Stored data entries

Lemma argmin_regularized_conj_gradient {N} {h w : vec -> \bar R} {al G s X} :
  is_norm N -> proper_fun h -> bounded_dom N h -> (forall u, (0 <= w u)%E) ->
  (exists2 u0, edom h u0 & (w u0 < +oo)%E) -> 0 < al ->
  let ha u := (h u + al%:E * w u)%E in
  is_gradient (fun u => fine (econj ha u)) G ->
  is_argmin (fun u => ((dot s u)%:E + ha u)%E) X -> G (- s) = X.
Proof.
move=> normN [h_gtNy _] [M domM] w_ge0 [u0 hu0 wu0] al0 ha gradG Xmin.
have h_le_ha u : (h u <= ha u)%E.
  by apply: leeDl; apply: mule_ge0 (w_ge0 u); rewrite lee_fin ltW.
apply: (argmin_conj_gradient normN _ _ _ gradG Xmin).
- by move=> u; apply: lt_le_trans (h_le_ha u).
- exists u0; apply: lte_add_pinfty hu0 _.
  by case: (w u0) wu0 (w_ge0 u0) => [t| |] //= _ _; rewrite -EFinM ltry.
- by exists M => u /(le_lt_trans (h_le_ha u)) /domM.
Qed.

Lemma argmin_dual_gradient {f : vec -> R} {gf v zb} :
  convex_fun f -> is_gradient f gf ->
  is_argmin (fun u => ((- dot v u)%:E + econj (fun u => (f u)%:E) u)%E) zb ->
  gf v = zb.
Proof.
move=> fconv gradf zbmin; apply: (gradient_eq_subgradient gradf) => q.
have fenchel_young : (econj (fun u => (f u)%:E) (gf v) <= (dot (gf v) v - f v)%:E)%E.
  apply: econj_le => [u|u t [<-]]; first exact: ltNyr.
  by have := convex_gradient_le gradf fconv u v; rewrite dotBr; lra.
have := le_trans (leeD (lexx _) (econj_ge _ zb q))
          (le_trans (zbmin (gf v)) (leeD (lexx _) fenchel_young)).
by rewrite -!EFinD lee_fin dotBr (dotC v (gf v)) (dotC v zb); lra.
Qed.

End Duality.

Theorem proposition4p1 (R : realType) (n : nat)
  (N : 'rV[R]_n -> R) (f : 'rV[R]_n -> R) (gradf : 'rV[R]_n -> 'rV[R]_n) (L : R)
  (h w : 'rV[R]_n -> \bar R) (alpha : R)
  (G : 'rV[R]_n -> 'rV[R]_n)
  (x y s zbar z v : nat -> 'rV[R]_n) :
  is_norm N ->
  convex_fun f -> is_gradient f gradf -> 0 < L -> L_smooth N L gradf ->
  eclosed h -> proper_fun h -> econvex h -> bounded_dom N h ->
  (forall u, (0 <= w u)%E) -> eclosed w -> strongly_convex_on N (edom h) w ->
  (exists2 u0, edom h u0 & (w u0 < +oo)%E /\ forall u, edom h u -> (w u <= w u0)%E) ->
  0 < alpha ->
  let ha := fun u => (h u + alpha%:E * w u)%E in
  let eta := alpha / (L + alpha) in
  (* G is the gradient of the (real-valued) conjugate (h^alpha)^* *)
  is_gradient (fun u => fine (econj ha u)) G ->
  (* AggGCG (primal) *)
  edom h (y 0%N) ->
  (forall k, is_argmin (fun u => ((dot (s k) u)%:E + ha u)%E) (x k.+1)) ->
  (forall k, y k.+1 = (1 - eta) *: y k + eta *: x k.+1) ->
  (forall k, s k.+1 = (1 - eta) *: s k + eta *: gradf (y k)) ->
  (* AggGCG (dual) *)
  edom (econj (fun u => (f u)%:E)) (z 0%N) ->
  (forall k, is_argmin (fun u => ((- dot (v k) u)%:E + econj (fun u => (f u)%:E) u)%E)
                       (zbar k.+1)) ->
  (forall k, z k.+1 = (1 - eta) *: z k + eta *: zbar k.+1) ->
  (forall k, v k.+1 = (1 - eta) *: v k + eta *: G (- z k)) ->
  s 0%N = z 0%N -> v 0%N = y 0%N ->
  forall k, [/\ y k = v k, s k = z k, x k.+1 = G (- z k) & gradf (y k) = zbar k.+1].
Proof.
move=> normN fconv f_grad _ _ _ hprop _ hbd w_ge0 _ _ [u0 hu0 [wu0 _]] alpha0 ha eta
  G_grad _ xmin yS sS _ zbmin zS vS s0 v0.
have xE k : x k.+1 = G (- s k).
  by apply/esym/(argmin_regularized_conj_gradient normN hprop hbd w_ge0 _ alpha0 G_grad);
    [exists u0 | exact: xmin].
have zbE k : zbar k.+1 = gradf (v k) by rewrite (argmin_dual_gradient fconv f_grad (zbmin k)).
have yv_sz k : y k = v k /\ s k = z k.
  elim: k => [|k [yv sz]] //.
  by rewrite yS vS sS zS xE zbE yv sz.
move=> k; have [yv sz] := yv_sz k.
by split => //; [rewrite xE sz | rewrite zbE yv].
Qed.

EXERCISE BRIEF
An exact copy of the lines above, from the one containing "convex_fun f -> is_gradient f gf ->" down to the one containing "0 < alpha ->" and including both, is the whole answer; retype it and nothing else.

OUTPUT
  convex_fun f -> is_gradient f gf ->
  is_argmin (fun u => ((- dot v u)%:E + econj (fun u => (f u)%:E) u)%E) zb ->
  gf v = zb.
Proof.
move=> fconv gradf zbmin; apply: (gradient_eq_subgradient gradf) => q.
have fenchel_young : (econj (fun u => (f u)%:E) (gf v) <= (dot (gf v) v - f v)%:E)%E.
  apply: econj_le => [u|u t [<-]]; first exact: ltNyr.
  by have := convex_gradient_le gradf fconv u v; rewrite dotBr; lra.
have := le_trans (leeD (lexx _) (econj_ge _ zb q))
          (le_trans (zbmin (gf v)) (leeD (lexx _) fenchel_young)).
by rewrite -!EFinD lee_fin dotBr (dotC v (gf v)) (dotC v zb); lra.
Qed.

End Duality.

Theorem proposition4p1 (R : realType) (n : nat)
  (N : 'rV[R]_n -> R) (f : 'rV[R]_n -> R) (gradf : 'rV[R]_n -> 'rV[R]_n) (L : R)
  (h w : 'rV[R]_n -> \bar R) (alpha : R)
  (G : 'rV[R]_n -> 'rV[R]_n)
  (x y s zbar z v : nat -> 'rV[R]_n) :
  is_norm N ->
  convex_fun f -> is_gradient f gradf -> 0 < L -> L_smooth N L gradf ->
  eclosed h -> proper_fun h -> econvex h -> bounded_dom N h ->
  (forall u, (0 <= w u)%E) -> eclosed w -> strongly_convex_on N (edom h) w ->
  (exists2 u0, edom h u0 & (w u0 < +oo)%E /\ forall u, edom h u -> (w u <= w u0)%E) ->
  0 < alpha ->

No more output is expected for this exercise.